After the Fall
All the news this past month about moving the trial of Sept. 11 mastermind Khalid Shaikh Mohammed out of downtown Manhattan has gotten me thinking about the many ways Sept. 11 has become a marker. We divide life into before and after, use the event as a way of judging the world and hold it up as a yardstick for understanding news (“another Sept. 11,” “the next,” “worse than”).
To use a literary metaphor, the attack was our Paradise Lost. We were kicked out of the Garden and lost so much innocence. Remember when we could travel with our shoes on? When office towers in Times Square weren’t routinely evacuated over security threats? When our government didn’t have an excuse for wiretapping or waterboarding?

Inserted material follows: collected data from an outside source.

(* Let $G$ be a maximal outerplanar graph with at least four vertices (with a fixed outerplanar embedding). Let $uv$ be an edge on the outer face of $G$ with $\deg_G(u)>2$ and $\deg_G(v)>2$, and let $w=\Delta(uv)$. Let $G_u=G_u(uv)$ and $G_v=G_v(uv)$ be the $uv$-segments. Then $$\mathrm{mvc}(G)=\min\{\mathrm{mvc}_{w}(G_u)+\mathrm{mvc}_{vw}(G_v)-1,\ \mathrm{mvc}_{uw}(G_u)+\mathrm{mvc}_{w}(G_v)-1,\ \mathrm{mvc}(G_u)+\mathrm{mvc}(G_v)\}.$$
   Context: All graphs are finite and simple. A maximal outerplanar graph is an outerplanar graph to which no edge between existing vertices can be added while keeping it outerplanar. A fixed outerplanar embedding, with all vertices on the outer face, is assumed. For $S\subseteq V(G)$, $\mathrm{mvc}_S(G)$ is the minimum size of a vertex cover of $G$ containing $S$, and $\mathrm{mvc}(G)=\mathrm{mvc}_\emptyset(G)$. Braces are dropped for small sets, e.g. $\mathrm{mvc}_{uw}(G)=\mathrm{mvc}_{\{u,w\}}(G)$. For a maximal outerplanar graph with at least three vertices and an edge $uv$ on its outer face, $\Delta(uv)$ denotes the unique common neighbor of $u$ and $v$. $uv$-segments: let $w=\Delta(uv)$. $G_u(uv)$ is the maximal biconnected outerplanar subgraph of $G$ that has $uw$ on its outer face and does not contain $v$. Equivalently, it is the subgraph induced by $u$, $w$ and the vertices lying on the side of the edge $uw$ that does not contain $v$. It is the single edge $uw$ if $\deg_G(u)=2$. $G_v(uv)$ is defined symmetrically with the roles of $u$ and $v$ exchanged. $G_u$ and $G_v$ are themselves maximal outerplanar graphs with outer edges $uw$ and $vw$ respectively. *)

From mathcomp Require Import all_boot.
Set Implicit Arguments. Unset Strict Implicit. Unset Printing Implicit Defensive.

Definition simple_graph (T : finType) (e : rel T) :=
  symmetric e /\ irreflexive e.

Definition deg (T : finType) (e : rel T) (x : T) : nat := #|[set y | e x y]|.

Definition lbetween (a x b : nat) : bool := (minn a b < x) && (x < maxn a b).

(* chords {a,b} and {c,d} of a convex polygon (vertices at positions on a
   circle) cross: four distinct endpoints, exactly one of c,d strictly
   between a and b. *)
Definition cross (a b c d : nat) : bool :=
  uniq [:: a; b; c; d] && (lbetween a c b != lbetween a d b).

(* An outerplanar embedding: the vertices are placed injectively in cyclic
   order 0, 1, ..., #|T|-1 on a circle, edges are drawn as chords, and no two
   edges cross. *)
Definition outer_embedding (T : finType) (e : rel T) (pos : T -> 'I_#|T|) :=
  injective pos /\
  forall x y x' y', e x y -> e x' y' ->
    ~~ cross (pos x) (pos y) (pos x') (pos y').

Definition outerplanar (T : finType) (e : rel T) :=
  exists pos : T -> 'I_#|T|, outer_embedding e pos.

Definition add_edge (T : finType) (e : rel T) (x y : T) : rel T :=
  fun a b => [|| e a b, (a == x) && (b == y) | (a == y) && (b == x)].

Definition maximal_outerplanar (T : finType) (e : rel T) :=
  outerplanar e /\
  forall x y, x != y -> ~~ e x y -> ~ outerplanar (add_edge e x y).

(* uv lies on the outer face of the fixed embedding: u and v are adjacent
   and occupy cyclically consecutive positions. *)
Definition outer_edge (T : finType) (e : rel T) (pos : T -> 'I_#|T|) (u v : T) :=
  e u v /\
  (((pos u).+1 %% #|T| == pos v) || ((pos v).+1 %% #|T| == pos u)).

(* Vertex set of the segment G_u(uv) with w = Delta(uv): u, w and all
   vertices lying on the side of the chord uw not containing v. *)
Definition segment (T : finType) (pos : T -> 'I_#|T|) (u w v : T) : {set T} :=
  [set x | [|| x == u, x == w |
              lbetween (pos u) (pos x) (pos w) != lbetween (pos u) (pos v) (pos w)]].

Definition is_vc (T : finType) (e : rel T) (A C : {set T}) : bool :=
  (C \subset A) &&
  [forall x in A, forall y in A, e x y ==> (x \in C) || (y \in C)].

(* mvc_S(G[A]): minimum size of a vertex cover of G[A] containing S
   (A itself is a cover, so #|A| is a valid default). *)
Definition mvc (T : finType) (e : rel T) (A S : {set T}) : nat :=
  \big[minn/#|A|]_(C : {set T} | is_vc e A C && (S \subset C)) #|C|.

From mathcomp Require Import all_boot zify.
Set Implicit Arguments. Unset Strict Implicit. Unset Printing Implicit Defensive.

(* The chords uw and vw cut the outer cycle so that every vertex other than w
   lies in exactly one of the segments G_u, G_v, and since edges do not cross
   the only edge between G_u - w and G_v - w is uv.  Hence an optimal cover of G
   restricts to covers of G_u and G_v that overlap at most in w; conversely,
   covers of G_u and G_v glue to a cover of G as soon as one of them contains
   an end of uv.  Comparing sizes according to which of u, v, w are in the
   cover yields the three terms of the minimum. *)

Lemma bigmin_leq (I : finType) (P : pred I) (F : I -> nat) x i :
  P i -> \big[minn/x]_(j | P j) F j <= F i.
Proof.
move=> Pi; have : i \in index_enum I by rewrite mem_index_enum.
elim: (index_enum I) => // j r IHr; rewrite inE big_cons => /predU1P[<-|/IHr le_ri].
  by rewrite Pi geq_minl.
by case: (P j); rewrite // geq_min le_ri orbT.
Qed.

Lemma bigmin_idx_or_attained (I : finType) (P : pred I) (F : I -> nat) x :
  let m := \big[minn/x]_(i | P i) F i in m = x \/ exists2 i, P i & m = F i.
Proof.
apply: (big_ind (fun m => m = x \/ exists2 i, P i & m = F i)); [by left | | by right; exists i].
by move=> m1 m2 K1 K2; case: leqP.
Qed.

Section VertexCover.
Variables (T : finType) (e : rel T).
Implicit Types A C S : {set T}.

Along with the specific ways the tragedy has affected travel, security and civil liberties, it has had a pervasive effect on American confidence, both in the country’s infallibility and in its role in the world. Ten years ago, we felt invulnerable and trusted that we were the center of gravity. Now we’re afraid, and people talk at dinner parties about whether they should be learning Mandarin.
Sept. 11 was supposed to be the end of the age of irony, as Graydon Carter so infamously pointed out. We got over that, and have Gawker and Perez Hilton to prove it, but in so many other ways we haven’t bounced back—and probably never will. “The terrorists have won” is often said as an (ironic) joke, but in some ways it’s true: Our “after” is not our “before.”
The country has changed and grown more divided than ever. It’s worth noting that one of our most polarizing public figures has spun 9/11 into a marketing slogan for his political agenda. Glenn Beck’s populist 9.12 Project is officially based on 9 principles and 12 values (smaller government chief among them), but those numbers aren’t a coincidence: The mission statement says the project is “designed to bring us all back to the place we were on September 12, 2001. The day after America was attacked…we were united as Americans, standing together to protect the greatest nation ever created.”
I don’t agree with Beck’s views or believe his road map is the best way back, but I think a lot of us would like to return to something like the America we used to live in.